Hi,
I compiled psi4 with gcc and mkl without any errors but run into very strange calculation results when using more than one thread.
WARNING: Atomic UHF is not converging! Try casting from a smaller basis or call Rob at CCMST.
WARNING: Atomic UHF is not converging! Try casting from a smaller basis or call Rob at CCMST.
WARNING: Atomic UHF is not converging! Try casting from a smaller basis or call Rob at CCMST.
==> Iterations <==
Total Energy Delta E RMS |[F,P]|
@DF-RKS iter 1: 11195678258397.54296875000000 1.11957e+13 1.52187e+10 DIIS
@DF-RKS iter 2: 10775794413621.77929687500000 -4.19884e+11 5.16664e+09 DIIS
@DF-RKS iter 3: 41638185149742.94531250000000 3.08624e+13 8.32414e+09 DIIS
@DF-RKS iter 4: 24970036998641.09375000000000 -1.66681e+13 8.10810e+09 DIIS
@DF-RKS iter 5: 11717907640880.83593750000000 -1.32521e+13 9.51800e+09 DIIS
When running this job on one thread it converges normally.
So I looked into it and found out that core.cpython-36m-x86_64-linux-gnu.so is linked to both libiomp5.so and libgomp.so.1.

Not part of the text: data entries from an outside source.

(* Let $k\ge3$ and $n\ge k+2$, let $\ell=\lceil n/(k+1)\rceil-1$, and let $\mathcal{X}_{n,k}=(Q,\Sigma,\delta)$ with $Q=\{0,\dots,n-1\}$, $\Sigma=\{a_1,\dots,a_k\}$ and $\delta$ defined by: for each $0\le i\le\ell-1$ and $1\le j\le k$, $\delta((k+1)i,a_j)=(k+1)i+j$ and $\delta((k+1)i+1,a_1)=(k+1)(i+1)$; for each $i$ with $(k+1)\ell\le i\le n-2$, $\delta(i,a_1)=i+1$; and $\delta(i,a_j)=0$ for all remaining pairs $(i,a_j)$. Then $\mathcal{X}_{n,k}$ (which is the decoder of a maximal finite prefix code over $\Sigma$) is synchronizing and its reset threshold equals $2\ell+2=2\lceil n/(k+1)\rceil$.
   Context: For a DFA $(Q,\Sigma,\delta)$ with transitions extended to words, a reset word is a word $w$ with $|\{\delta(q,w)\mid q\in Q\}|=1$; the DFA is synchronizing if one exists, and its reset threshold is the length of a shortest reset word. *)

From mathcomp Require Import all_boot.
Set Implicit Arguments. Unset Strict Implicit. Unset Printing Implicit Defensive.

Definition delta_word (Q S : finType) (d : Q -> S -> Q) (q : Q) (w : seq S) : Q :=
  foldl d q w.

Definition reset_word (Q S : finType) (d : Q -> S -> Q) (w : seq S) : Prop :=
  #|[set delta_word d q w | q : Q]| = 1.

Definition synchronizing (Q S : finType) (d : Q -> S -> Q) : Prop :=
  exists w : seq S, reset_word d w.

Definition reset_threshold_is (Q S : finType) (d : Q -> S -> Q) (m : nat) : Prop :=
  (exists w : seq S, reset_word d w /\ size w = m) /\
  (forall w : seq S, reset_word d w -> m <= size w).

(* ell = ceil(n/(k+1)) - 1 *)
Definition ell (n k : nat) : nat := (n + k) %/ k.+1 - 1.

(* transition on naturals; letter a_j is given by j in 1..k *)
Definition X_nat (n k q j : nat) : nat :=
  let l := ell n k in
  if (q %% k.+1 == 0) && (q %/ k.+1 < l) then q + j
  else if (q %% k.+1 == 1) && (q %/ k.+1 < l) && (j == 1) then (q %/ k.+1).+1 * k.+1
  else if (k.+1 * l <= q) && (q <= n - 2) && (j == 1) then q.+1
  else 0.

(* Q = 'I_n, letters a_1..a_k represented by a : 'I_k, i.e. a_(a+1).
   The value is always < n; the "%% n" only serves to build an ordinal
   and is the identity (see lemma X_nat_lt). *)
Definition X_delta (n k : nat) (q : 'I_n) (a : 'I_k) : 'I_n :=
  @Ordinal n (X_nat n k q a.+1 %% n)
    (ltn_pmod _ (leq_ltn_trans (leq0n q) (ltn_ord q))).

From mathcomp Require Import all_boot zify.

(* The letter a_1 walks along the spine 0, 1, k+1, k+2, ..., (k+1)(l-1)+1,
   (k+1)l, ..., n-1, alternating between branch states (k+1)i and stem states
   (k+1)i+1 before running down the tail.  Any other letter sends a branch
   state to a leaf (k+1)i+j, j >= 2, and every other state to 0; every letter
   sends a leaf to 0.

   Upper bound: for a <> a_1 the word a a_1^(2l) a is a reset word.  After a
   every state is 0 or a leaf, after the next a_1 it is at spine position 0 or
   1, after 2l-1 more a_1 at position 2l-1 or 2l (the last stem state or the
   start of the tail), and the final a sends both to 0.

   Lower bound: after any word w of length at most 2l+1 the image still
   contains two distinct states: either the whole spine (w is a power of a_1),
   or 0 together with a leaf, or the spine states at two consecutive positions
   r, r+1 with r+2 <= |w|.  The letter a_1 shifts consecutive spine states
   forward, and another letter maps a branch/stem pair to a leaf and 0, which
   is where the bound on r (keeping r+1 below 2l) is needed. *)

Set Implicit Arguments.
Unset Strict Implicit.
Unset Printing Implicit Defensive.

Lemma reset_word_eq (Q S : finType) (d : Q -> S -> Q) w p q :
  reset_word d w -> delta_word d p w = delta_word d q w.
Proof.
move=> /eqP/cards1P[c hc].
have im r : delta_word d r w = c by apply/set1P; rewrite -hc imset_f.
by rewrite !im.
Qed.

Lemma reset_word_const (Q S : finType) (d : Q -> S -> Q) w c :
  (forall q, delta_word d q w = c) -> reset_word d w.
Proof.
move=> hc; rewrite /reset_word (_ : [set _ | q : Q] = [set c]) ?cards1 //.
apply/setP => y; rewrite inE; apply/imsetP/eqP => [[q _ ->] //|->].
by exists c; rewrite ?hc.
Qed.

Lemma even_or_odd i : exists m, i = 2 * m \/ i = 2 * m + 1.
Proof. by exists i./2; lia. Qed.

Section Xnk.

Variables n k : nat.
Hypotheses (k_gt0 : 0 < k) (hn : k + 2 <= n).

Lemma ell_gt0 : 0 < ell n k.
Proof.
rewrite /ell; have : 2 <= (n + k) %/ k.+1 by rewrite leq_divRL //; lia.
lia.
Qed.

Lemma ell_mul_lt : ell n k * k.+1 < n.
Proof.
rewrite /ell mulnBl mul1n; have := leq_divM (n + k) k.+1.
set d := (n + k) %/ k.+1; nia.
Qed.

Lemma X_nat_branch m j : m < ell n k -> X_nat n k (m * k.+1) j = m * k.+1 + j.
Proof. by move=> hm; rewrite /X_nat modnMl mulnK // hm. Qed.

Lemma X_nat_stem m j : m < ell n k ->
  X_nat n k (m * k.+1 + 1) j = if j == 1 then m.+1 * k.+1 else 0.
Proof.
move=> hm; have k1 : 1 < k.+1 by rewrite ltnS.
rewrite /X_nat modnMDl divnMDl // !(modn_small k1) (divn_small k1) addn0 hm /=.
have -> : (k.+1 * ell n k <= m * k.+1 + 1) = false.
  have : m.+1 * k.+1 <= ell n k * k.+1 by rewrite leq_mul2r hm orbT.
  lia.
by case: (j == 1).
Qed.

Lemma X_nat_tail x j : ell n k * k.+1 <= x ->
  X_nat n k x j = if (x <= n - 2) && (j == 1) then x.+1 else 0.
Proof.
move=> hx; rewrite /X_nat; have -> : x %/ k.+1 < ell n k = false.
  by rewrite ltn_divLR // ltnNge hx.
by rewrite !andbF /= [k.+1 * _]mulnC hx.
Qed.

Definition leaf x := (2 <= x %% k.+1) && (x < ell n k * k.+1).

Lemma leaf_neq0 x : leaf x -> x != 0.
Proof. by case/andP; case: eqP => // ->; rewrite mod0n. Qed.

Lemma X_nat_leaf x j : leaf x -> X_nat n k x j = 0.
Proof.
case/andP=> hx hxl; rewrite /X_nat.
have [-> ->] : x %% k.+1 == 0 = false /\ x %% k.+1 == 1 = false.
  by split; apply/eqP; lia.
by have -> : (k.+1 * ell n k <= x) = false by lia.
Qed.

Lemma leaf_branch m j : m < ell n k -> 2 <= j <= k -> leaf (m * k.+1 + j).
Proof.
move=> hm /andP[j2 jk]; rewrite /leaf modnMDl modn_small ?ltnS // j2 /=.
have : m.+1 * k.+1 <= ell n k * k.+1 by rewrite leq_mul2r hm orbT.
lia.
Qed.

Lemma X_nat_big_letter x j : 2 <= j <= k ->
  X_nat n k x j = 0 \/ leaf (X_nat n k x j).
Proof.
move=> hj; rewrite /X_nat; case: ifP => [/andP[/eqP x0 hx]|_].
  by right; rewrite {1}(divn_eq x k.+1) x0 addn0; apply: leaf_branch.
by left; rewrite (_ : (j == 1) = false) ?andbF //; apply/eqP; lia.
Qed.

Lemma X_nat_lt x j : x < n -> 1 <= j <= k -> X_nat n k x j < n.
Proof.
move=> hx /andP[j1 jk]; have hl := ell_mul_lt; rewrite /X_nat.
case: ifP => [/andP[/eqP x0 hq]|_].
  have ex : x = x %/ k.+1 * k.+1 by rewrite {1}(divn_eq x k.+1) x0 addn0.
  have : (x %/ k.+1).+1 * k.+1 <= ell n k * k.+1 by rewrite leq_mul2r hq orbT.
  lia.
case: ifP => [/andP[/andP[_ hq] _]|_].
  by apply: leq_ltn_trans hl; rewrite leq_mul2r hq orbT.
by case: ifP => [/andP[/andP[_ ?] _]|_]; lia.
Qed.
Lemma slowness_le_Rpower (beta C delta y : R) :
  (forall x, 0 < x < delta -> Rabs (E x) <= C * Rpower x (- beta)) ->
  0 < y -> y < delta -> y < 1 -> y <= estar ->
  slowness y <= sqrt ((ms + rhof * Rmax C 0) / total_mass estar) / - v0
                * Rpower y (- (Rmax beta 0 / 2)).
Proof.
intros HE Hy Hyd Hy1 Hye.
set (g := Rmax beta 0 / 2).
assert (Hinv : forall a, Rpower y (- a) = Rpower (/ y) a).
{ intros a. unfold Rpower. rewrite ln_Rinv by lra. f_equal. ring. }
assert (Hy1' : 1 <= / y) by (rewrite <- Rinv_1; apply Rinv_le_contravar; lra).
set (w := Rpower (/ y) g).
assert (Hw1 : 1 <= w).
{ rewrite <- (Rpower_O (/ y)) by lra. apply Rle_Rpower; [lra|].
  unfold g. assert (H := Rmax_r beta 0). lra. }
assert (HEy : E y <= Rmax C 0 * (w * w)).
{ assert (Hbeta : Rpower (/ y) beta <= w * w).
  { unfold w. rewrite <- Rpower_plus. apply Rle_Rpower; [lra|].
    unfold g. assert (H := Rmax_l beta 0). lra. }
  assert (H := HE y (conj Hy Hyd)). rewrite Hinv in H.
  assert (0 < Rpower (/ y) beta) by apply exp_pos.
  assert (HC := Rmax_l C 0). assert (HC0 := Rmax_r C 0).
  apply Rle_trans with (C * Rpower (/ y) beta); [eapply Rle_trans; [apply Rle_abs|exact H]|].
  apply Rle_trans with (Rmax C 0 * Rpower (/ y) beta); [nra|].
  apply Rmult_le_compat_l; lra. }
assert (HM : 0 < total_mass estar) by (apply total_mass_pos; lra).
assert (Hmy : total_mass y <= (ms + rhof * Rmax C 0) * (w * w)).
{ unfold total_mass, added_mass.
  assert (ms <= ms * (w * w)).
  { assert (1 <= w * w) by nra. rewrite <- (Rmult_1_r ms) at 1. apply Rmult_le_compat_l; lra. }
  assert (rhof * E y <= rhof * (Rmax C 0 * (w * w))) by (apply Rmult_le_compat_l; lra).
  lra. }
unfold slowness. rewrite Rmin_left, Hinv by lra. fold g w.
replace (sqrt ((ms + rhof * Rmax C 0) / total_mass estar) / - v0 * w)
  with (sqrt ((ms + rhof * Rmax C 0) / total_mass estar * (w * w)) / - v0).
- unfold Rdiv at 1 3. apply Rmult_le_compat_r; [apply Rlt_le, Rinv_0_lt_compat; lra|].
  apply sqrt_le_1_alt. unfold Rdiv.
  rewrite (Rmult_comm (ms + _)), Rmult_assoc. rewrite (Rmult_comm (/ _)).
  apply Rmult_le_compat_r; [apply Rlt_le, Rinv_0_lt_compat; lra|exact Hmy].
- assert (0 <= (ms + rhof * Rmax C 0) / total_mass estar).
  { assert (HC0 := Rmax_r C 0). apply Rlt_le, Rdiv_lt_0_compat; nra. }
  rewrite sqrt_mult, sqrt_square by nra. field. lra.
Qed.

Lemma travel_time_bounded (beta C delta : R) : beta < 2 -> 0 < delta ->
  (forall x, 0 < x < delta -> Rabs (E x) <= C * Rpower x (- beta)) ->
  exists B, forall x, 0 < x -> travel_time x <= B.
Proof.
intros Hbeta Hdelta HE.
set (d := Rmin (Rmin delta estar) 1).
assert (Hd : 0 < d /\ d <= delta /\ d <= estar /\ d <= 1).
{ unfold d. assert (H1 := Rmin_l (Rmin delta estar) 1). assert (H2 := Rmin_r (Rmin delta estar) 1).
  assert (H3 := Rmin_l delta estar). assert (H4 := Rmin_r delta estar).
  repeat split; try lra. repeat apply Rmin_glb_lt; lra. }
set (g := Rmax beta 0 / 2).
assert (Hg : 0 <= g < 1).
{ unfold g. assert (H := Rmax_r beta 0). assert (Rmax beta 0 < 2) by (apply Rmax_lub_lt; lra). lra. }
set (k := sqrt ((ms + rhof * Rmax C 0) / total_mass estar) / - v0).
assert (Hk : 0 <= k) by (apply Rmult_le_pos; [apply sqrt_pos|apply Rlt_le, Rinv_0_lt_compat; lra]).
assert (HP : 0 <= / (1 - g) * Rpower d (1 - g)).
{ apply Rmult_le_pos; [apply Rlt_le, Rinv_0_lt_compat; lra|apply Rlt_le, exp_pos]. }
exists (k * (/ (1 - g) * Rpower d (1 - g)) + travel_time d). intros x Hx.
destruct (Rlt_or_le x d) as [Hxd|Hxd].
- assert (Hsplit : travel_time x = RInt slowness x d + travel_time d).
  { unfold travel_time. rewrite <- (RInt_Chasles _ x d estar) by (apply ex_RInt_slowness; lra).
    reflexivity. }
  assert (Hex : ex_RInt (fun y => Rpower y (- g)) x d).
  { apply (@ex_RInt_continuous R_CompleteNormedModule). intros z Hz.
    rewrite Rmin_left in Hz by lra. apply continuous_Rpower_l. lra. }
  assert (Hle : RInt slowness x d <= RInt (fun y => k * Rpower y (- g)) x d).
  { apply RInt_le; [lra|apply ex_RInt_slowness; lra|apply (ex_RInt_scal _ _ _ k Hex)|].
    intros y Hy. apply (slowness_le_Rpower beta C delta); auto; lra. }
  assert (Hscal : RInt (fun y => k * Rpower y (- g)) x d = k * RInt (fun y => Rpower y (- g)) x d)
    by exact (RInt_scal _ x d k Hex).
  assert (Hpow := RInt_Rpower_le g x d Hg ltac:(lra)).
  assert (k * RInt (fun y => Rpower y (- g)) x d <= k * (/ (1 - g) * Rpower d (1 - g)))
    by (apply Rmult_le_compat_l; auto).
  lra.
- assert (travel_time x <= travel_time d).
  { destruct (Rle_lt_or_eq_dec d x Hxd) as [Hlt|<-]; [|lra].
    left. apply travel_time_decreasing; lra. }
  assert (0 <= k * (/ (1 - g) * Rpower d (1 - g))) by (apply Rmult_le_pos; auto).
  lra.
Qed.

I managed to link psi4 only to gomp but this lead to very strange calculation-time/thread ratios:
On my 12core/24thread machine I get the following calculation times (in minutes) dependent on the number of threads.
n1 6.50
n2 2.95
n3 1.90
n4 1.60
n5 1.40
n6 1.55
n7 1.57
n8 1.67
n9 1.70
n10 1.80
n11 1.95
n12 2.10
n13 2.17
n14 2.35
n15 2.53
n16 2.82
n17 3.00
so for some reason I get the best performance for this job with 5 threads.
I read about strange behavior when using mkl and gomp together so I want to compile psi4 only with iomp5 but up until now all my attempts failed and always ended in a combination of gomp and iomp5.
In FindMathOpenMP.cmake it is stated that it tries “telling-gcc-to-not-link-libgomp-so-it-links-libiomp5-instead” but this seems not to work in my case.
Is there any manual way to remove libgomp when compiling psi4?